Meenakshi Anurag, PhD, of Baylor College of Medicine, discusses results from the ALTERNATE trial, which showed the combination of anastrozole plus fulvestrant was superior to either drug alone in inhibiting tumor proliferation in postmenopausal women with early-stage luminal B breast cancer (Abstract CT026).
Ari M. VanderWalde, MD, MPH, MBioeth, of The West Clinic, discusses results from the S1616 trial involving patients with metastatic or unresectable melanoma who had primary resistance to PD-1 or PD-L1 inhibitors. Compared with ipilimumab alone, the combination of ipilimumab plus nivolumab benefited some patients: those with tumors that responded to therapy showed an increased amount of CD8+ cells. Because there is no standard treatment for metastatic melanoma after failure of PD-1 inhibitors in BRAF wild-type disease, this research may provide a viable option in the future (Abstract CT013).
Matthew L. Meyerson, MD, PhD, of the Dana-Farber Cancer Institute, discusses study findings that suggest the variation in frequency of EGFR and KRAS mutations in lung cancer may be associated with genetic ancestry in patients from Latin America. The results indicate it may be possible to identify germline alleles underpinning this link. Finding a germline locus or loci may impact the development of lung cancers with these mutations and may improve lung cancer prevention and screening for populations of Latin American origin, as well as others.
Vivek Subbiah, MD, of The University of Texas MD Anderson Cancer Center, talks about innovative design of clinical studies that may help demonstrate clinical benefit in precision medicine and advance treatment to deliver the right intervention to the right patient at the right time (Abstract DC06).
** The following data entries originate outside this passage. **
Lemma calA_entries_bounded (R : realType) n p (c : R) : 0 <= c ->
  exists C, forall X : 'M[R]_(n, p),
    (forall i j, `|X i j| <= c) -> forall i j, `|(X *m calA X) i j| <= C.
Proof.
move=> c0; pose b := (n * p)%:R * c; pose a := frob ((3 / 2 : R)%:M : 'M[R]_p).
exists (b * (a + 1 / 2 * b ^+ 2)); move=> X hX i j.
apply: le_trans (normr_entry_le_frob _ i j) _.
have Xb : frob X <= b := frob_le_entries c0 hX.
have calA_le : frob (calA X) <= a + 1 / 2 * frob X ^+ 2.
  apply: le_trans (ler_frobD _ _) _; rewrite frobN frobZ ger0_norm // lerD2l.
  rewrite ler_wpM2l // expr2; apply: le_trans (frob_mulmx_le _ _) _.
  by rewrite frob_trmx.
apply: le_trans (frob_mulmx_le _ _) _; apply: ler_pM; rewrite ?frob_ge0 //.
apply: le_trans calA_le _; rewrite lerD2l ler_wpM2l // ler_sqr ?nnegrE ?frob_ge0 //.
exact: le_trans (frob_ge0 X) Xb.
Qed.

Section GradientBound.
Variables (R : realType) (n p : nat) (grad : 'M[R]_(n, p) -> 'M[R]_(n, p)).
Hypothesis hgL : locally_lipschitz grad.

Lemma Gfun_le_M1 X : Omega X -> frob (Gfun grad X) <= M1 grad.
Proof.
have [C hC] := @calA_entries_bounded R n p (1 + 1 / 12) ltac:(lra).
have [M hM] := locally_lipschitz_bounded_box C hgL.
have entries_le X' : Omega X' -> forall i j, `|X' i j| <= 1 + 1 / 12.
  by move=> hX' i j; apply: le_trans (normr_entry_le_spec_norm X' i j) hX'.
move=> hX; apply: ub_le_sup; last by exists X.
by exists M; move=> _ [X' /entries_le hX' <-]; apply/hM/hC.
Qed.

Lemma M1_ge0 : 0 <= M1 grad.
Proof.
apply: le_trans (frob_ge0 _) (Gfun_le_M1 (X := 0) _).
by apply: spec_norm_le => v _; rewrite mul0mx frob0.
Qed.

End GradientBound.

Section NewtonSchulz.
Variable R : realType.

Definition newton_schulz (x : R) : R := x * (3 / 2 - 1 / 2 * x ^+ 2).

Lemma newton_schulz1 : newton_schulz 1 = 1.
Proof. by rewrite /newton_schulz; field. Qed.

Lemma continuous_newton_schulz : continuous newton_schulz.
Proof.
move=> x; apply: cvgM; first exact: cvg_id.
apply: cvgB; first exact: cvg_cst.
by apply: cvgM; [exact: cvg_cst | rewrite expr2; apply: cvgM; exact: cvg_id].
Qed.

Lemma newton_schulz_onto01 y : 0 <= y <= 1 ->
  exists2 x, 0 <= x <= 1 & newton_schulz x = y.
Proof.
move=> y01.
have := @IVT R newton_schulz 0 1 y ler01
  (continuous_subspaceT continuous_newton_schulz).
rewrite newton_schulz1 /newton_schulz mul0r (min_l ler01) (max_r ler01).
by case=> // x; rewrite in_itv => x01 <-; exists x.
Qed.

Lemma newton_schulz_ge0 x : 0 <= x -> x ^+ 2 <= 3 -> 0 <= newton_schulz x.
Proof. by move=> x0 x3; rewrite /newton_schulz mulr_ge0 //; lra. Qed.

Lemma newton_schulz_le1 x : 0 <= x -> newton_schulz x <= 1.
Proof.
move=> x0; rewrite -subr_ge0.
have -> : 1 - newton_schulz x = (x - 1) ^+ 2 * (x + 2) / 2 by rewrite /newton_schulz; field.
by rewrite divr_ge0 // mulr_ge0 ?sqr_ge0 //; lra.
Qed.

Lemma one_sub_newton_schulz_le x : 0 <= x -> 1 <= x ^+ 2 + x ->
  1 - newton_schulz x <= (x ^+ 2 - 1) ^+ 2 / 2.
Proof.
move=> x0 x1; rewrite -subr_ge0.
have -> : (x ^+ 2 - 1) ^+ 2 / 2 - (1 - newton_schulz x) =
    (x - 1) ^+ 2 * (x ^+ 2 + x - 1) / 2 by rewrite /newton_schulz; field.
by rewrite divr_ge0 // mulr_ge0 ?sqr_ge0 //; lra.
Qed.

End NewtonSchulz.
Zev Wainberg, MD, of the University of California, Los Angeles Medical Center, discusses preliminary data on the safety and efficacy of TTX-030, an anti-CD39 antibody, in combination with budigalimab and FOLFOX for the first-line treatment of locally advanced or metastatic gastric or gastroesophageal junction adenocarcinoma. The study suggests the regimen may prove to be of benefit as a first-line treatment, regardless of combined positive score status (Abstract CT015).
Gautam Mehta, MD, of the U.S. Food and Drug Administration, discusses how accelerated approval of potentially life-saving cancer therapies has been applied in precision oncology. Although “fast-tracking” drugs presents opportunities and challenges, one possible measure of the program’s success is the fact that, to date, no solid tumor accelerated-approval indications have been withdrawn (Abstract DC06).